Reproduce, from the lines below, exactly the stretch that begins at the line containing "rewrite /restr_perm_M; case: pickP" and ends at the line containing "Lemma sgn_mul_restr_perm_M : sgn", both included.
-=-=-
Lemma restr_ord_inj : injective restr_ord.
Proof.
move=> g h eq_gh; apply: enum_val_inj; apply: (@perm_inj _ pos); apply: ord_inj.
have := ltn_restr_ord g h; have := ltn_restr_ord h g; rewrite eq_gh ltnn.
by case: ltngtP.
Qed.

Lemma restr_perm_ME : restr_perm_M sigma M = perm restr_ord_inj.
Proof.
rewrite /restr_perm_M; case: pickP => [p /forallP p_restr | no_restr] /=.
  by apply/permP => g; apply: ord_inj; rewrite permE; apply/eqP; apply: p_restr.
move: (no_restr (perm restr_ord_inj)); rewrite (_ : [forall g, _] = true) //.
by apply/forallP => g; rewrite permE.
Qed.

Lemma sgn_restr_perm_M : sgn (restr_perm_M sigma M) =
  (-1) ^+ (\sum_(x < k) \sum_(y < k)
             [&& (x < y)%N, x \in M, y \in M & (pos y < pos x)%N])%N.
Proof.
rewrite restr_perm_ME sgn_inversions; congr (_ ^+ _).
rewrite [RHS](bigID (mem M)) /= [X in (_ + X)%N]big1 ?addn0; last first.
  by move=> x xM; rewrite big1 // => y _; rewrite (negbTE xM) andbF.
rewrite [RHS]big_enum_val /=; apply: eq_bigr => g _.
rewrite [RHS](bigID (mem M)) /= [X in (_ + X)%N]big1 ?addn0; last first.
  by move=> y yM; rewrite (negbTE yM) !andbF.
rewrite [RHS]big_enum_val /=; apply: eq_bigr => h _.
by rewrite !(permE restr_ord_inj) ltn_restr_ord ltn_enum_val !enum_valP.
Qed.

Lemma sgn_mul_restr_perm_M : sgn sigma * sgn (restr_perm_M sigma M) =
  (-1) ^+ (\sum_(x < k) \sum_(y < k)
             [&& (x < y)%N, ~~ ((x \in M) && (y \in M)) & (pos y < pos x)%N])%N.
Proof.
have -> : sgn sigma = sgn pos by rewrite /sgn odd_permV.
rewrite sgn_restr_perm_M sgn_inversions.
set inv := (\sum_(x < k) _)%N; set invM := (\sum_(x < k) _)%N.
have -> : inv = (\sum_(x < k) \sum_(y < k)
    [&& (x < y)%N, ~~ ((x \in M) && (y \in M)) & (pos y < pos x)%N] + invM)%N.
  rewrite -big_split; apply: eq_bigr => x _; rewrite -big_split; apply: eq_bigr => y _.
  by case: (x < y)%N; case: (x \in M); case: (y \in M); case: (pos y < pos x)%N.
by rewrite exprD -mulrA -expr2 -exprM mulnC exprM sqrrN !expr1n mulr1.
Qed.
End RestrictedPermutation.

Definition edge_seq k (sigma : 'S_k) : seq nat := [seq val (sigma i) | i <- enum 'I_k].

Lemma size_edge_seq k (sigma : 'S_k) : size (edge_seq sigma) = k.
Proof. by rewrite size_map size_enum_ord. Qed.

Lemma nth_edge_seq k (sigma : 'S_k) (i : 'I_k) : nth 0%N (edge_seq sigma) i = sigma i.
Proof. by rewrite (nth_map i) ?size_enum_ord // nth_ord_enum. Qed.

Lemma edge_seq_inj k : injective (@edge_seq k).
Proof. by move=> s t eq_st; apply/permP => i; apply: ord_inj; rewrite -!nth_edge_seq eq_st. Qed.

Lemma perm_edge_seq k (sigma : 'S_k) : perm_eq (edge_seq sigma) (iota 0 k).
Proof.
rewrite -val_enum_ord /edge_seq (map_comp val sigma); apply: perm_map.
apply: uniq_perm; rewrite ?(map_inj_uniq (@perm_inj _ sigma)) ?enum_uniq //.
by move=> i; rewrite mem_enum; apply/mapP; exists ((sigma^-1)%g i); rewrite ?mem_enum ?permKV.
Qed.

(* Both lists are duplicate-free of length k!, so inclusion is enough. *)
Lemma perm_edge_seq_permutations k :
  perm_eq [seq edge_seq sigma | sigma : 'S_k] (permutations (iota 0 k)).
Proof.
have uniq_es : uniq [seq edge_seq sigma | sigma : 'S_k].
  by rewrite map_inj_uniq ?enum_uniq //; apply: edge_seq_inj.
have sub_es : {subset [seq edge_seq sigma | sigma : 'S_k] <= permutations (iota 0 k)}.
  by move=> _ /mapP[sigma _ ->]; rewrite mem_permutations perm_edge_seq.
have size_es : (size (permutations (iota 0 k)) <= size [seq edge_seq sigma | sigma : 'S_k])%N.
  by rewrite size_map -cardE card_Sn size_permutations ?iota_uniq ?size_iota.
have [_ eq_es] := uniq_min_size uniq_es sub_es size_es.
by apply: uniq_perm; rewrite ?permutations_uniq.
Qed.

Lemma sum_edge_seq (R : nmodType) k (F : seq nat -> R) :
  \sum_(sigma : 'S_k) F (edge_seq sigma) = \sum_(s <- permutations (iota 0 k)) F s.
Proof. by rewrite -(perm_big _ (perm_edge_seq_permutations k)) big_map big_enum. Qed.

Fixpoint inv_above (m : nat) (s : seq nat) : nat :=
  if s is x :: t then ((if m <= x then count (ltn^~ x) t else 0) + inv_above m t)%N
  else 0%N.

Lemma inv_aboveE m s : inv_above m s =
  (\sum_(0 <= i < size s) \sum_(0 <= j < size s)
     [&& i < j, nth 0 s j < nth 0 s i & m <= nth 0 s i])%N.
Proof.
elim: s => [|x t IH]; first by rewrite big_geq.
rewrite /= big_nat_recl // big_nat_recl //= add0n IH; congr (_ + _)%N.
  rewrite -sum1_count (big_nth 0%N) big_mkcond /=.
  case: (m <= x)%N; last by rewrite big1 // => j _; rewrite andbF.
  by apply: eq_bigr => j _; rewrite andbT; case: ifP.
by apply: eq_bigr => i _; rewrite big_nat_recl.
Qed.

Lemma inv_above_edge_seq k m (sigma : 'S_k) : inv_above m (edge_seq sigma) =
  (\sum_(x < k) \sum_(y < k)
     [&& (x < y)%N, (m <= y)%N & ((sigma^-1)%g y < (sigma^-1)%g x)%N])%N.
Proof.
rewrite inv_aboveE size_edge_seq big_mkord.
under eq_bigr => i _ do rewrite big_mkord.
rewrite [RHS](reindex_inj (@perm_inj _ sigma)).
under [RHS]eq_bigr => i _ do rewrite (reindex_inj (@perm_inj _ sigma)).
rewrite [RHS]exchange_big; apply: eq_bigr => i _; apply: eq_bigr => j _.
by rewrite !nth_edge_seq !permK andbC -andbA.
Qed.

Lemma sgn_mul_restr_perm_prefix k m (sigma : 'S_k) :
  sgn sigma * sgn (restr_perm_M sigma [set x : 'I_k | (x < m)%N]) =
  (-1) ^+ inv_above m (edge_seq sigma).
Proof.
rewrite sgn_mul_restr_perm_M inv_above_edge_seq; congr (_ ^+ _).
by apply: eq_bigr => x _; apply: eq_bigr => y _; rewrite !inE; lia.
Qed.

Fixpoint trail (V : eqType) (src tgt : nat -> V) (v t : V) (s : seq nat) : bool :=
  if s is x :: s' then (src x == v) && trail src tgt (tgt x) t s' else v == t.

Lemma trailE (V : eqType) (src tgt : nat -> V) v t s : (0 < size s)%N ->
  trail src tgt v t s = [&& src (nth 0%N s 0) == v, tgt (last 0%N s) == t &
     all (fun j => src (nth 0%N s j.+1) == tgt (nth 0%N s j)) (iota 0 (size s).-1)].
Proof.
elim: s v => [|x [|y s] IH] v //= _; first by rewrite andbT.
transitivity ((src x == v) && trail src tgt (tgt x) t (y :: s)) => //.
rewrite IH //= (iotaDl 1 0) all_map /=.
by case: (src y == tgt x); case: (tgt (last y s) == t).
Qed.

Lemma in_P_trail (V : eqType) k (src tgt : nat -> V) s t (sigma : 'S_k) : (0 < k)%N ->
  in_P (fun x : 'I_k => src x) (fun x : 'I_k => tgt x) s t sigma =
  trail src tgt s t (edge_seq sigma).
Proof.
move=> k_gt0; have km1 : (k.-1 < k)%N by rewrite prednK.
rewrite trailE ?size_edge_seq // /in_P -nth_last size_edge_seq.
rewrite (nth_edge_seq sigma (Ordinal k_gt0)) (nth_edge_seq sigma (Ordinal km1)).
congr [&& _, _ & _].
- apply/forallP/idP => [/(_ (Ordinal k_gt0)) // | first_s j].
  by apply/implyP => /eqP j0; rewrite (_ : j = Ordinal k_gt0) //; apply: ord_inj.
- apply/forallP/idP => [/(_ (Ordinal km1)) /implyP-> // | last_t j].
  by apply/implyP => /eqP j0; rewrite (_ : j = Ordinal km1) //; apply: ord_inj.
apply/forallP/allP => [steps j | steps j].
  rewrite mem_iota /= => jk; have j1k : (j.+1 < k)%N by rewrite -ltn_predRL.
  move/forallP: (steps (Ordinal j1k)) => /(_ (Ordinal (ltnW j1k))).
  by rewrite (nth_edge_seq sigma (Ordinal j1k)) (nth_edge_seq sigma (Ordinal (ltnW j1k))) eqxx.
apply/forallP => j'; apply/implyP => /eqP jj'.
have : val j' \in iota 0 k.-1 by rewrite mem_iota /= ltn_predRL -jj' ltn_ord.
by move/steps; rewrite -jj' !nth_edge_seq.
Qed.

Lemma count_ltnS n s : count (ltn^~ n.+1) s = (count (ltn^~ n) s + count_mem n s)%N.
Proof. by elim: s => //= y s ->; rewrite ltnS leq_eqVlt; lia. Qed.

Lemma count_ltn_rem x r : count (ltn^~ x) (rem x r) = count (ltn^~ x) r.
Proof. by rewrite count_rem /= ltnn andbF subn0. Qed.

Lemma sum_pred1_uniq (R : nmodType) (T : eqType) (r : seq T) (y : T) (F : T -> R) :
  uniq r -> \sum_(x <- r | x == y) F x = F y *+ (y \in r).
Proof.
move=> r_uniq; have [y_r|y_r] := boolP (y \in r).
  by rewrite -big_filter filter_pred1_uniq // big_seq1.
by rewrite big1_seq // => x /andP[/eqP-> y_r']; rewrite y_r' in y_r.
Qed.

Lemma big_permutations_rem (R : Type) (idx : R) (op : Monoid.com_law idx) (T : eqType)
    (r : seq T) (F : seq T -> R) : uniq r -> r != [::] ->
  \big[op/idx]_(s <- permutations r) F s =
  \big[op/idx]_(x <- r) \big[op/idx]_(t <- permutations (rem x r)) F (x :: t).
Proof.
move=> r_uniq r_ne; rewrite (perm_big _ (permutationsE _)); last by case: r r_ne {r_uniq}.
by rewrite undup_id // big_allpairs_dep.
Qed.

Lemma sum_const_in (R : nmodType) (T : eqType) (r : seq T) (P : pred T) (F : T -> R) c :
  {in r, forall x, P x -> F x = c} -> \sum_(x <- r | P x) F x = c *+ count P r.
Proof.
move=> F_c; rewrite big_seq_cond (eq_bigr (fun=> c)) => [|x /andP[]]; last exact: F_c.
by rewrite -big_seq_cond big_const_seq iter_addr_0.
Qed.

Lemma count_iota_ltn (P : pred nat) m n : (m <= n)%N ->
  count (fun x => (x < m)%N && P x) (iota 0 n) = count P (iota 0 m).
Proof.
move=> m_le_n; rewrite -(subnKC m_le_n) iotaD count_cat add0n.
rewrite [X in (_ + X)%N](eq_in_count (a2 := pred0)) ?count_pred0 ?addn0 => [|x].
  by apply: eq_in_count => x; rewrite mem_iota => /andP[_ ->].
by rewrite mem_iota => /andP[/leq_gtF->].
Qed.

Lemma count_odd_iota n : count odd (iota 0 (2 * n)) = n.
Proof.
elim: n => // n IH; rewrite (_ : 2 * n.+1 = 2 * n + 2)%N; last by lia.
by rewrite iotaD count_cat IH /= add0n oddM /=; lia.
Qed.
-=-=-
Answer to this exercise:
rewrite /restr_perm_M; case: pickP => [p /forallP p_restr | no_restr] /=.
  by apply/permP => g; apply: ord_inj; rewrite permE; apply/eqP; apply: p_restr.
move: (no_restr (perm restr_ord_inj)); rewrite (_ : [forall g, _] = true) //.
by apply/forallP => g; rewrite permE.
Qed.

Lemma sgn_restr_perm_M : sgn (restr_perm_M sigma M) =
  (-1) ^+ (\sum_(x < k) \sum_(y < k)
             [&& (x < y)%N, x \in M, y \in M & (pos y < pos x)%N])%N.
Proof.
rewrite restr_perm_ME sgn_inversions; congr (_ ^+ _).
rewrite [RHS](bigID (mem M)) /= [X in (_ + X)%N]big1 ?addn0; last first.
  by move=> x xM; rewrite big1 // => y _; rewrite (negbTE xM) andbF.
rewrite [RHS]big_enum_val /=; apply: eq_bigr => g _.
rewrite [RHS](bigID (mem M)) /= [X in (_ + X)%N]big1 ?addn0; last first.
  by move=> y yM; rewrite (negbTE yM) !andbF.
rewrite [RHS]big_enum_val /=; apply: eq_bigr => h _.
by rewrite !(permE restr_ord_inj) ltn_restr_ord ltn_enum_val !enum_valP.
Qed.

Lemma sgn_mul_restr_perm_M : sgn sigma * sgn (restr_perm_M sigma M) =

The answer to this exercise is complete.